Page:Lamartine - Œuvres complètes de Lamartine, tome 16.djvu/312

Le texte de cette page a été corrigé et est conforme au fac-similé.

Et, suivant attentifs les mouvements du corps,
Au niveau de leur lèvre élevaient ces supports.
Car ces monstres d’orgueil, enivrés d’esclavage,
De leurs membres sacrés ne faisaient nul usage,
Craignaient en s’en servant de les prostituer,
Et ne levaient jamais leurs bras que pour tuer !
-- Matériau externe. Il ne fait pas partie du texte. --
(* Let $d\ge2$ and let $k$ be a positive integer. For each $x\in[0,1)$ fix the binary expansion $x=\sum_{j\ge1}a_j^x2^{-j}$ that does not end in infinitely many $1$'s, and for $x=1$ use $a_j^1=1$ for all $j$. Define $\phi(x)=\sum_{j\ge1}2a_j^x3^{-d(j-1)}$ and $\Phi(x_1,\ldots,x_d)=\sum_{p=1}^d3^{-p}\phi(x_p)$; $\Phi$ is injective on $[0,1]^d$. For $\ell\in\{0,\ldots,2^k-2\}$ let $I_\ell=[\ell2^{-k},(\ell+1)2^{-k})$ and let $I_{2^k-1}=[1-2^{-k},1]$. Suppose $f:[0,1]^d\to\mathbb{R}$ is constant on each of the $2^{kd}$ sets $I_{\ell_1}\times\cdots\times I_{\ell_d}$, $\ell_1,\ldots,\ell_d\in\{0,\ldots,2^k-1\}$. Then $g:=f\circ\Phi^{-1}:\Phi([0,1]^d)\to\mathbb{R}$ is Lipschitz with $$|g(x)-g(y)|\le 2\|f\|_\infty3^{kd}|x-y|\qquad\text{for all }x,y\in\Phi([0,1]^d),$$ where $\|f\|_\infty=\sup_{\mathbf x\in[0,1]^d}|f(\mathbf x)|$. *)

From Stdlib Require Import Reals Lra Lia ZArith.
From Coquelicot Require Import Coquelicot.
Open Scope R_scope.

(* Points of [0,1]^d are represented as x : nat -> R, coordinates x 1, ..., x d. *)
Definition in_cube (d : nat) (x : nat -> R) : Prop :=
  forall p : nat, (1 <= p <= d)%nat -> 0 <= x p <= 1.

(* j-th binary digit (j >= 1) of x: for x in [0,1) the digit of the expansion
   not ending in infinitely many 1's, i.e. floor(2^j x) mod 2; for x = 1 all digits are 1. *)
Definition bdigit (x : R) (j : nat) : R :=
  if Req_EM_T x 1 then 1
  else if Z.odd (Int_part (2 ^ j * x)) then 1 else 0.

Definition phi (d : nat) (x : R) : R :=
  Series (fun n : nat => 2 * bdigit x (S n) * (/ 3) ^ (d * n)).

Definition Phi (d : nat) (x : nat -> R) : R :=
  sum_n_m (fun p : nat => (/ 3) ^ p * phi d (x p)) 1 d.

Definition in_I (k l : nat) (t : R) : Prop :=
  if (l <? 2 ^ k - 1)%nat
  then INR l / 2 ^ k <= t < (INR l + 1) / 2 ^ k
  else (l = 2 ^ k - 1)%nat /\ 1 - / 2 ^ k <= t <= 1.

Definition piecewise_const_dyadic (d k : nat) (f : (nat -> R) -> R) : Prop :=
  forall ls : nat -> nat,
    (forall p, (1 <= p <= d)%nat -> (ls p < 2 ^ k)%nat) ->
    exists c : R, forall x : nat -> R, in_cube d x ->
      (forall p, (1 <= p <= d)%nat -> in_I k (ls p) (x p)) -> f x = c.

Definition sup_norm (d : nat) (f : (nat -> R) -> R) : R :=
  real (Lub_Rbar (fun r : R => exists x, in_cube d x /\ r = Rabs (f x))).

From Stdlib Require Import Reals Lra Lia ZArith Classical.
From Coquelicot Require Import Coquelicot.
Open Scope R_scope.

(* Phi interleaves the binary digits of the d coordinates into
   one ternary expansion with digits in {0,2}: digit a_(N+1) of coordinate p
   sits at position d N + p.  The proof has three ingredients.
   1. Dyadic cells: the index [cell k t] of the interval I_l containing t is the
      binary number formed by the first k digits of t.  Hence two points whose
      coordinates share their first k digits lie in one box, where f is constant.
   2. Boundedness: f takes at most 2^(kd) values on the cube, so |f| is bounded
      there by its sup norm.
   3. The ternary gap: if the first differing digit (scanning levels N and then
      coordinates p) is at position d N + p0 <= k d, then, as for the Cantor set,
      |Phi x - Phi y| >= 3^-(d N + p0) >= 3^-(k d).
   The theorem follows: either f x = f y, or |f x - f y| <= 2 ||f|| while
   3^(k d) |Phi x - Phi y| >= 1. *)

Lemma Int_part_uniq (r : R) (z : Z) : IZR z <= r < IZR z + 1 -> Int_part r = z.
Proof.
  intros [H1 H2]. destruct (base_Int_part r) as [H3 H4].
  assert (A : (z - Int_part r < 1)%Z) by (apply lt_IZR; rewrite minus_IZR; lra).
  assert (B : (Int_part r - z < 1)%Z) by (apply lt_IZR; rewrite minus_IZR; lra).
  lia.
Qed.

Lemma bdigit_cases (t : R) (j : nat) : bdigit t j = 0 \/ bdigit t j = 1.
Proof. unfold bdigit. destruct (Req_EM_T t 1); [auto|]. destruct (Z.odd _); auto. Qed.

Lemma pow2_pos (k : nat) : 0 < 2 ^ k.
Proof. apply pow_lt; lra. Qed.

Lemma pow2_nat_ge1 (k : nat) : (1 <= 2 ^ k)%nat.
Proof. assert (H := Nat.pow_nonzero 2 k). lia. Qed.

Lemma INR_pow2 (k : nat) : INR (2 ^ k) = 2 ^ k.
Proof. rewrite pow_INR. reflexivity. Qed.

Fixpoint binary_prefix (t : R) (j : nat) : R :=
  match j with
  | O => 0
  | S j' => 2 * binary_prefix t j' + bdigit t (S j')
  end.

Lemma binary_prefix_one (j : nat) : binary_prefix 1 j = 2 ^ j - 1.
Proof.
  induction j as [|j IH]; simpl; [lra|]. rewrite IH. unfold bdigit.
  destruct (Req_EM_T 1 1); [lra|congruence].
Qed.

Lemma binary_prefix_floor (t : R) (j : nat) :
  0 <= t < 1 -> binary_prefix t j = IZR (Int_part (2 ^ j * t)).
Proof.
  intros Ht. induction j as [|j IH].
  - simpl. rewrite (Int_part_uniq (1 * t) 0); simpl; lra.
  - simpl binary_prefix. rewrite IH. unfold bdigit.
    destruct (Req_EM_T t 1) as [Et|Nt]; [lra|].
    set (n := Int_part (2 ^ j * t)). set (m := Int_part (2 ^ S j * t)).
    destruct (base_Int_part (2 ^ j * t)) as [H1 H2].
    destruct (base_Int_part (2 ^ S j * t)) as [H3 H4].
    fold n in H1, H2. fold m in H3, H4.
    replace (2 ^ S j * t) with (2 * (2 ^ j * t)) in H3, H4 by (simpl; ring).
    assert (A : (m < 2 * n + 2)%Z) by (apply lt_IZR; rewrite plus_IZR, mult_IZR; simpl; lra).
    assert (B : (2 * n < m + 1)%Z) by (apply lt_IZR; rewrite plus_IZR, mult_IZR; simpl; lra).
    assert (C : m = (2 * n)%Z \/ m = (2 * n + 1)%Z) by lia.
    destruct C as [-> | ->].
    + rewrite Z.odd_mul, mult_IZR. simpl. lra.
    + rewrite Z.odd_add, Z.odd_mul, plus_IZR, mult_IZR. simpl. lra.
Qed.

Lemma binary_prefix_ext (t s : R) (j : nat) :
  (forall i, (1 <= i <= j)%nat -> bdigit t i = bdigit s i) ->
  binary_prefix t j = binary_prefix s j.
Proof.
  induction j as [|j IH]; intros H; simpl; [reflexivity|].
  rewrite IH by (intros; apply H; lia). rewrite (H (S j)) by lia. reflexivity.
Qed.

Section DyadicCell.
Variable k : nat.

(* The index l of the interval I_l containing t in [0,1]. *)
Definition cell (t : R) : nat :=
  if Req_EM_T t 1 then (2 ^ k - 1)%nat else Z.to_nat (Int_part (2 ^ k * t)).

Lemma INR_cell (t : R) : 0 <= t <= 1 -> INR (cell t) = binary_prefix t k.
Proof.
  intros Ht. unfold cell. destruct (Req_EM_T t 1) as [->|ne].
  - rewrite binary_prefix_one, minus_INR, INR_pow2 by apply pow2_nat_ge1. simpl. lra.
  - rewrite binary_prefix_floor by lra. rewrite INR_IZR_INZ, Z2Nat.id; [reflexivity|].
    destruct (base_Int_part (2 ^ k * t)) as [H1 H2].
    assert (0 <= 2 ^ k * t) by (apply Rmult_le_pos; [left; apply pow2_pos|lra]).
    assert (A : (-1 < Int_part (2 ^ k * t))%Z) by (apply lt_IZR; simpl; lra). lia.
Qed.

Lemma cell_bounds (t : R) : 0 <= t <= 1 ->
  (t = 1 /\ INR (cell t) = 2 ^ k - 1) \/
  (t < 1 /\ INR (cell t) <= 2 ^ k * t < INR (cell t) + 1).
Proof.
  intros Ht. rewrite INR_cell by lra. destruct (Req_EM_T t 1) as [->|ne].
  - left. rewrite binary_prefix_one. lra.
  - right. rewrite binary_prefix_floor by lra. destruct (base_Int_part (2 ^ k * t)). lra.
Qed.

Lemma cell_lt (t : R) : 0 <= t <= 1 -> (cell t < 2 ^ k)%nat.
Proof.
  intros Ht. apply INR_lt. rewrite INR_pow2.
  destruct (cell_bounds t Ht) as [[_ H]|[H1 [H2 H3]]]; [lra|].
  assert (2 ^ k * t < 2 ^ k * 1) by (apply Rmult_lt_compat_l; [apply pow2_pos|lra]). lra.
Qed.

Lemma cell_in_I (t : R) : 0 <= t <= 1 -> in_I k (cell t) t.
Proof.
  intros Ht. assert (Hl := cell_lt t Ht). assert (P := pow2_pos k).
  assert (P1 := pow2_nat_ge1 k).
  unfold in_I. destruct (Nat.ltb_spec (cell t) (2 ^ k - 1)) as [L|L].
  - destruct (cell_bounds t Ht) as [[_ H]|[H1 [H2 H3]]].
    + apply lt_INR in L. rewrite minus_INR, INR_pow2 in L by lia. simpl in L. lra.
    + split; [apply Rmult_le_reg_l with (2 ^ k) | apply Rmult_lt_reg_l with (2 ^ k)];
        try lra; field_simplify; lra.
  - split; [lia|]. assert (E : cell t = (2 ^ k - 1)%nat) by lia.
    assert (0 < / 2 ^ k) by (apply Rinv_0_lt_compat; lra).
    destruct (cell_bounds t Ht) as [[-> _]|[H1 [H2 H3]]]; [lra|].
    rewrite E, minus_INR, INR_pow2 in H2 by lia. simpl in H2. split; [|lra].
    apply Rmult_le_reg_l with (2 ^ k); [lra|]. field_simplify; lra.
Qed.

Lemma cell_ext (t s : R) : 0 <= t <= 1 -> 0 <= s <= 1 ->
  (forall i, (1 <= i <= k)%nat -> bdigit t i = bdigit s i) -> cell t = cell s.
Proof.
  intros Ht Hs H. apply INR_eq. rewrite !INR_cell by assumption.
  apply binary_prefix_ext; assumption.
Qed.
Pour leurs goûts dépravés profanant la nature,
L’art changeait en forfaits jusqu’à leur nourriture ;
Demandant un tribut à tous les éléments,
Ils écumaient le sel de tous les aliments.
Pour charmer leur festin, tuant par hécatombes,
La moelle des agneaux, la langue des colombes,
Dans ce qui broute, ou nage, ou vole sous le ciel,
Ce qui plaît au palais de plus substantiel
Composait l’aliment de ces banquets célestes,
Et le peuple affamé se jetait sur les restes ;
La sève qu’on ravit aux rameaux mutilés,
Et des baumes en fleurs les parfums distillés,
Et les feux du soleil, dont les liquides flammes
Des veines du pavot coulent dans les dictames,
Mêlés dans leur breuvage aux larmes de l’encens,
D’une ivresse éternelle incendiaient leurs sens.


Disputant ce service aux plus belles esclaves,
Et goûtant avec lui les mets les plus suaves,
Lakmi servait Nemphed, à ces festins sacrés,
De secrets aliments dans l’ombre préparés.